The medical examiner testified that tests were inconclusive as proof that the babies were born alive. However, the tests also did not prove the babies were dead prior to birth. Those inconclusive test results were overshadowed by the weight of testimony from witness after witness, who detailed how the babies were in fact living prior to being murdered through what one witness described as a “virtual beheading.”

“If Gosnell gets off scot-free, that will send a message that murdering live babies and abortion patients is now acceptable behavior in America and that abortionists who engage in such depraved practices are above the law. This would put women and babies in grave danger – more than they already face – at abortion clinics throughout the nation,” said Sullenger.

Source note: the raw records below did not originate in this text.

(* Let $M$ and $N$ be weight sequences satisfying $\mu_k\le\nu_k$ for all $k$ and $$\exists C>0\ \forall k\in\mathbb{N}_{>0}:\ \sum_{\ell\ge k}\frac1{\nu_\ell}\le C\frac{k}{\mu_k}.$$ Then there is $C'>0$ such that $\int_1^\infty\frac{\omega_N(tu)}{u^2}du\le C'\omega_M(t)+C'$ for all $t>0$.
   Context: A weight sequence is given by an increasing sequence $1=\mu_0\le\mu_1\le\cdots$ via $M_k=\mu_0\cdots\mu_k$, with $M_k^{1/k}\to\infty$; analogously $\nu\leftrightarrow N$. $\omega_M(t)=\sup_{k\in\mathbb{N}}\log(t^k/M_k)$ for $t>0$. *)

From Stdlib Require Import Reals Lra ClassicalEpsilon.
Open Scope R_scope.

Fixpoint Mseq (mu : nat -> R) (k : nat) : R :=
  match k with
  | O => mu O
  | S j => Mseq mu j * mu (S j)
  end.

Definition weight_seq (mu : nat -> R) : Prop :=
  mu O = 1 /\
  (forall k, mu k <= mu (S k)) /\
  cv_infty (fun k => Rpower (Mseq mu k) (/ INR k)).

Definition Rsup (E : R -> Prop) : R :=
  epsilon (inhabits 0) (fun s => is_lub E s).

Definition omega (mu : nat -> R) (t : R) : R :=
  Rsup (fun y => exists k : nat, y = ln (t ^ k / Mseq mu k)).

Definition improper_int_1_inf (f : R -> R) (L : R) : Prop :=
  (forall X, 1 <= X -> inhabited (Riemann_integrable f 1 X)) /\
  (forall eps, 0 < eps -> exists X0, 1 <= X0 /\
     forall X (pr : Riemann_integrable f 1 X), X0 <= X ->
       Rabs (RiemannInt pr - L) < eps).

From Stdlib Require Import Reals Lra Lia ClassicalEpsilon Classical.
From Coquelicot Require Import Coquelicot.
Open Scope R_scope.

(* Since 1 = nu_0 <= nu_1 <= ..., omega_N(s) is the finite sum of ln+ (s / nu_j)
   over j >= 1, so the integral can be taken term by term, and
   int_1^oo ln+ (a u) / u^2 du <= min (a, ln+ a + 1).  Let k be the last index
   with mu_k <= t / e.  For j <= k we have ln (t / mu_j) >= 1 and nu_j >= mu_j,
   so the term j is at most 2 ln (t / mu_j); these add up to
   2 ln (t^k / M_k) <= 2 omega_M(t).  The remaining terms add up to at most
   t sum_{j > k} 1/nu_j <= C (k + 1) t / mu_(k+1) <= C e (k + 1), and
   k <= ln (t^k / M_k) <= omega_M(t). *)

Definition ln_plus (y : R) : R := Rmax 0 (ln y).

Lemma ln_plus_ge0 y : 0 <= ln_plus y.
Proof. apply Rmax_l. Qed.

Lemma ln_le_ln_plus y : ln y <= ln_plus y.
Proof. apply Rmax_r. Qed.

Lemma ln_plus_le y z : ln y <= z -> 0 <= z -> ln_plus y <= z.
Proof. intros; apply Rmax_lub; assumption. Qed.

Lemma ln_ge0 y : 1 <= y -> 0 <= ln y.
Proof. intro Hy. rewrite <- ln_1. apply ln_le; lra. Qed.

Lemma ln_le0 y : 0 < y -> y <= 1 -> ln y <= 0.
Proof. intros Hy Hy1. rewrite <- ln_1. apply ln_le; lra. Qed.

Lemma ln_plus_eq_ln y : 1 <= y -> ln_plus y = ln y.
Proof. intro Hy. apply Rmax_right, ln_ge0, Hy. Qed.

Lemma ln_plus_eq0 y : 0 < y -> y <= 1 -> ln_plus y = 0.
Proof. intros Hy Hy1. apply Rmax_left, ln_le0; assumption. Qed.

Without being in the courtroom, it’s difficult to determine just how well the prosecution presented that case in the opening round of the trial.  The burden of proof for the prosecution not only involves presenting clear evidence of intent to murder (or gross neglect amounting to intent), but also that an actual murder took place.  The judge has the responsibility to dismiss charges where the prosecution hasn’t presented enough evidence to allow a jury to consider guilt beyond a reasonable doubt.

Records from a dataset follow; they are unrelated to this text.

Lemma dderiv_cont Y p t c : Y t -> is_dderiv Y p t c -> cont_within Y p t.
Proof.
move=> Yt H e e0.
have jump := dderiv_jump Yt H.
move: H; rewrite /is_dderiv; move: (fjump Y t) jump => sg jump H.
have mu0 : 0 <= `|sg - t| by [].
set mu := `|sg - t| in mu0 *.
have e1 : 0 < e / (2 * (mu + 1)) by apply: divr_gt0 => //; lra.
have [d [d0 hd]] := H _ e1.
have c0 : 0 < 2 * (`|c| + 1) by have := normr_ge0 c; lra.
exists (Num.min d (Num.min 1 (e / (2 * (`|c| + 1))))).
split; first by rewrite !lt_min d0 ltr01 /= divr_gt0.
move=> s Ys; rewrite !lt_min => /and3P [sd s1 sc].
have {}hd := hd s Ys sd.
have -> : p s - p t = c * (s - t) - (p sg - p s - c * (sg - s)) by rewrite jump; ring.
have sg_s : `|sg - s| <= mu + 1.
  have -> : sg - s = (sg - t) + (t - s) by ring.
  by apply: le_trans (ler_normD _ _) _; rewrite (distrC t s) /mu; lra.
have hB : `|p sg - p s - c * (sg - s)| <= e / 2.
  apply: le_trans hd _; apply: le_trans (ler_wpM2l (ltW e1) sg_s) _.
  by rewrite mulrAC ler_pdivrMr; nra.
have hc : `|c * (s - t)| < e / 2.
  rewrite normrM; apply: le_lt_trans (ler_wpM2l (normr_ge0 c) (ltW sc)) _.
  rewrite mulrA ltr_pdivrMr //; have := normr_ge0 c; nra.
by apply: le_lt_trans (ler_normB _ _) _; lra.
Qed.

The fact that Minehart allowed more than half of the charges to remain — and corrected the record expeditiously on which specific charges remain — tend to demonstrate that he’s taking that responsibility seriously.  The case will continue, and the jury will have the chance to deliver a verdict on Gosnell’s operation.

Update: And that chance may come a lot sooner than we thought. The intrepid JD Mullane just tweeted:

Wow. It seems that McMahon either thinks that all of the highly shocking testimony had no impact on the jury, or he doesn’t have a real defense against it.

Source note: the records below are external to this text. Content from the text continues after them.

(* Let $K$ be the irreducible cyclic code of length $n$ over $GF(q)$ with monic irreducible parity-check polynomial $h(x)$ of degree $m$ and order $n\ne q^m-1$. Then the Hamming weight of every codeword of $K$ is a multiple of $d=\gcd(q-1,n)$.
   Context: Let $q>2$ be a prime power. $A_n=GF(q)[x]/(x^n-1)$; Hamming weight of an element = number of nonzero coefficients of its representative of degree $<n$. The order of $h$ is the least $e\ge1$ with $h\mid x^e-1$. $K$ is the ideal of $A_n$ generated by $(x^n-1)/h(x)$. *)

From HB Require Import structures.
From mathcomp Require Import all_boot all_order all_algebra.
Set Implicit Arguments. Unset Strict Implicit. Unset Printing Implicit Defensive.
Import GRing.Theory.
Local Open Scope ring_scope.

Definition poly_order (F : fieldType) (h : {poly F}) (e : nat) : Prop :=
  (0 < e)%N /\ h %| 'X^e - 1 /\
  (forall e' : nat, (0 < e')%N -> (e' < e)%N -> ~~ (h %| 'X^e' - 1)).

(* Elements of A_n = F[x]/(x^n-1) are represented by their unique
   representatives of degree < n. [in_K n h c]: c is such a representative
   lying in the ideal K generated by (x^n-1)/h. *)
Definition in_K (F : fieldType) (n : nat) (h c : {poly F}) : Prop :=
  (size c <= n)%N /\
  exists a : {poly F}, c = (a * (('X^n - 1) %/ h)) %% ('X^n - 1).

Definition hamming_weight (F : fieldType) (n : nat) (c : {poly F}) : nat :=
  (\sum_(i < n) nat_of_bool (c`_i != 0)%R)%N.

From HB Require Import structures.
From mathcomp Require Import all_boot all_order all_algebra finfield zify.
Set Implicit Arguments.
Unset Strict Implicit.
Import GRing.Theory.
Local Open Scope ring_scope.

(* Let q = #|F|, d = gcd(q - 1, n) and u = n / d, so that n = u * d.
   1. Since h divides x^n - 1 = (x^u)^d - 1 and d | q - 1, the residue of x^u
      modulo h satisfies r^q = r; as x^q - x splits into linear factors over
      F and h is irreducible, h divides x^u - a for some nonzero a in F.
   2. Every c in K is killed by h modulo x^n - 1, so (x^u - a) c = 0 in A_n;
      since deg c < n, comparing coefficients gives c_j = a c_(j+u) whenever
      j + u < n.
   3. Hence the support of c is invariant under the shift by u, the positions
      0, ..., n - 1 split into d blocks of length u carrying the same number
      of nonzero coefficients, and wt(c) = d * (weight of the first block). *)

Lemma irred_dvd_prod_lin (F : fieldType) (h r : {poly F}) (s : seq F) :
  irreducible_poly h -> h %| \prod_(a <- s) (r - a%:P) ->
  exists a, h %| r - a%:P.
Proof.
move=> h_irr; elim: s => [|a s IHs].
  by rewrite big_nil dvdp1 => /eqP h1; case: h_irr; rewrite h1.
rewrite big_cons; have [ha|nha] := boolP (h %| r - a%:P); first by exists a.
by rewrite Gauss_dvdpr ?irreducible_poly_coprime.
Qed.

Lemma dvdp_expB1 (F : fieldType) (p : {poly F}) (d k : nat) :
  (d %| k)%N -> p ^+ d - 1 %| p ^+ k - 1.
Proof.
move=> /dvdnP [e ->]; rewrite mulnC exprM -{2}(expr1n _ e) subrXX.
exact: dvdp_mulIl.
Qed.

Lemma expr_card_subr (F : finFieldType) (r : {poly F}) :
  r ^+ #|F| - r = \prod_(a <- index_enum F) (r - a%:P).
Proof.
have := congr1 (fun p => p \Po r) (finField_genPoly F).
rewrite /= comp_polyB comp_Xn_poly comp_polyX => ->.
rewrite (big_morph (fun p => p \Po r) (fun p q => comp_polyM p q r)
  (comp_polyC 1 r)).
by apply: eq_bigr => a _; rewrite comp_polyB comp_polyX comp_polyC.
Qed.

Lemma irred_frobenius_fixed (F : finFieldType) (h r : {poly F}) :
  irreducible_poly h -> h %| r ^+ #|F| - r -> exists a, h %| r - a%:P.
Proof. by move=> h_irr; rewrite expr_card_subr; apply: irred_dvd_prod_lin. Qed.

Lemma irred_Xn_const (F : finFieldType) (h : {poly F}) (u d : nat) :
  irreducible_poly h -> (0 < d)%N -> (d %| #|F| - 1)%N ->
  h %| 'X^(u * d)%N - 1 -> exists2 a : F, a != 0 & h %| 'X^u - a%:P.
Proof.
move=> h_irr d_gt0 d_dvd h_dvd.
have h_dvd_q1 : h %| ('X^u) ^+ (#|F| - 1) - 1.
  by apply: (dvdp_trans _ (dvdp_expB1 'X^u d_dvd)); rewrite -exprM.
have q_gt0 : (0 < #|F|)%N by apply/card_gt0P; exists 0.
have [a ha] : exists a, h %| 'X^u - a%:P.
  apply: irred_frobenius_fixed => //.
  have -> : ('X^u) ^+ #|F| - 'X^u =
            'X^u * (('X^u) ^+ (#|F| - 1) - 1) :> {poly F}.
    by rewrite mulrBr mulr1 -exprS subn1 prednK.
  exact: dvdp_mull.
exists a => //; apply: contraTneq ha => ->; rewrite subr0; apply/negP => hXu.
have hXud : h %| 'X^(u * d)%N by rewrite exprM; apply: dvdp_exp.
move: h_dvd; rewrite (dvdp_subr _ hXud) dvdp1 => /eqP h1.
by case: h_irr; rewrite h1.
Qed.

Lemma in_K_annihilated (F : fieldType) (n : nat) (h p c : {poly F}) :
  h %| 'X^n - 1 -> h %| p -> in_K n h c -> 'X^n - 1 %| p * c.
Proof.
move=> h_dvd hp [_ [a ->]]; rewrite /dvdp modp_mul -/(dvdp _ _).
rewrite mulrA [_ * a * _]mulrC -{1}(divpK h_dvd).
by apply: dvdp_mul => //; apply: dvdp_mulr.
Qed.

Lemma coef_shift_recurrence (F : fieldType) (n u : nat) (l : F) (c : {poly F}) :
  (0 < u)%N -> (size c <= n)%N -> 'X^n - 1 %| ('X^u - l%:P) * c ->
  forall j, (j + u < n)%N -> c`_j = l * c`_(j + u).
Proof.
move=> u_gt0 size_c /dvdpP [t Et] j jun.
have N_neq0 : 'X^n - 1 != 0 :> {poly F}.
  by rewrite -size_poly_eq0 -polyC1 size_XnsubC // (leq_trans _ jun).
have size_t : (size t <= u)%N.
  have [->|t_neq0] := eqVneq t 0; first by rewrite size_poly0.
  have := size_polyMleq ('X^u - l%:P) c.
  rewrite Et size_mul // -polyC1 !size_XnsubC ?(leq_trans _ jun) // !addSn /=.
  move=> /leq_trans/(_ (leq_add (leqnn u) size_c)).
  by rewrite addnS /= leq_add2r.
move: (congr1 (fun p : {poly F} => p`_(j + u)) Et) => /=.
rewrite mulrBl mulrBr mulr1 !coefB coefXnM coefMXn coefCM.
rewrite ltnNge leq_addl addnK jun /=.
rewrite (nth_default _ (leq_trans size_t (leq_addl _ _))) subr0.
by move/eqP; rewrite subr_eq0 => /eqP.
Qed.

Section PeriodicSums.
Local Open Scope nat_scope.

Lemma sum_periodic (f : nat -> nat) (u d : nat) :
  (forall j, j + u < u * d -> f j = f (j + u)) ->
  \sum_(i < u * d) f i = d * \sum_(i < u) f i.
Proof.
move=> f_per.
have block k : k < d -> forall j, j < u -> f (j + u * k) = f j.
  elim: k => [|k IHk] kd j ju; first by rewrite muln0 addn0.
  have k2d : u * k.+2 <= u * d by rewrite leq_mul2l kd orbT.
  rewrite mulnS addnCA addnC -f_per ?IHk ?(ltnW kd) //.
  by apply: leq_trans k2d; rewrite !mulnS; lia.
suff sum_blocks k : k <= d ->
    \sum_(0 <= i < u * k) f i = k * \sum_(0 <= i < u) f i.
  by rewrite -!(big_mkord xpredT) sum_blocks.
elim: k => [|k IHk] kd; first by rewrite muln0 big_geq.
rewrite mulnS addnC (big_cat_nat (n := u * k)) ?leq_addr //= IHk ?(ltnW kd) //.
rewrite mulSn addnC -{1}(add0n (u * k)) big_addn addKn.
by congr (_ + _); apply: eq_big_nat => j /andP [_ ju]; rewrite block.
Qed.

End PeriodicSums.

Lemma weight_of_recurrence (F : fieldType) (u d : nat) (l : F) (c : {poly F}) :
  l != 0 -> (forall j, (j + u < u * d)%N -> c`_j = l * c`_(j + u)) ->
  hamming_weight (u * d)%N c = (d * hamming_weight u c)%N.
Proof.
move=> l_neq0 rec; rewrite /hamming_weight.
apply: (@sum_periodic (fun i => nat_of_bool (c`_i != 0))) => j ju.
by rewrite (rec j ju) mulf_eq0 (negbTE l_neq0).
Qed.

Theorem corollary6 (F : finFieldType) (n m : nat) (h : {poly F}) :
  (2 < #|F|)%N ->
  h \is monic -> irreducible_poly h -> size h = m.+1 ->
  poly_order h n -> n <> (#|F| ^ m - 1)%N ->
  forall c : {poly F}, in_K n h c ->
  (gcdn (#|F| - 1) n %| hamming_weight n c)%N.
Proof.
move=> _ _ h_irr _ [n_gt0 [h_dvd _]] _ c c_in_K.
set d := gcdn (#|F| - 1) n.
have d_gt0 : (0 < d)%N by rewrite gcdn_gt0 n_gt0 orbT.
have n_eq : n = (n %/ d * d)%N by rewrite divnK ?dvdn_gcdr.
set u := (n %/ d)%N in n_eq *.
have u_gt0 : (0 < u)%N by move: n_gt0; rewrite n_eq muln_gt0 => /andP [].
have [a a_neq0 h_dvd_Xu] : exists2 a : F, a != 0 & h %| 'X^u - a%:P.
  by apply: (irred_Xn_const h_irr d_gt0 (dvdn_gcdl _ _)); rewrite -n_eq.
have rec := coef_shift_recurrence u_gt0 (proj1 c_in_K)
  (in_K_annihilated h_dvd h_dvd_Xu c_in_K).
have -> : hamming_weight n c = (d * hamming_weight u c)%N.
  rewrite [in LHS]n_eq; apply: weight_of_recurrence a_neq0 _ => j.
  by rewrite -n_eq; apply: rec.
exact: dvdn_mulr.
Qed.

Update: If the judge sent the jury out until Monday, he at least has some time to see if McMahon wants to reconsider.  With all of the very powerful testimony about the neck-snipping and conditions in the clinic, it seems almost incomprehensible to me that an attorney would roll the dice on getting a jury to dispassionately dispense with the charges.

Update: Commenter Resist We Much offers this analysis of McMahon’s strategy:

Three possibilities:

1. He believes that he proved Gosnell’s innocence during the prosecution’s case-in-chief via cross-examination; or

2. He believes the jury is likely to convict and instead of putting on a case that might inflame and lead them to impose the death sentence (even though there is a separate sentencing ‘trial’); or

3. He thinks conviction is likely and is setting up an ineffectiveness of counsel appellate issue for his client.

As I noted above, he is charged with far more than first-degree murder. He is also on trial for infanticide (different charge than FDM), violating PA’s Controlled Substances Act, PA’s Abortion Control Act, fraud and conspiracy relative to narcotic distribution, tampering with evidence, corrupt organisation (PA’s version of the RICO Act), etc. His wife, Pearl, has already pleaded guilty to performing illegal abortions, corrupt organisation, and criminal conspiracy – all felonies.

I think those three strategies cover all the rational possibilities for McMahon’s strategic decision, and #1 is almost certainly not the case.  My first inclination is to lean toward #3, which may be the reason why Judge Minehart has sent the jury out for the rest of the week; he might want to get McMahon on record explaining this decision and minimize the danger of getting a verdict tossed by an appellate court later.  I think, though, that McMahon may be thinking along the lines of #2, and having failed to get the judge to toss out all of the murder counts, is now trying to do his best to salvage whatever leeway exists with the jury for the sentencing.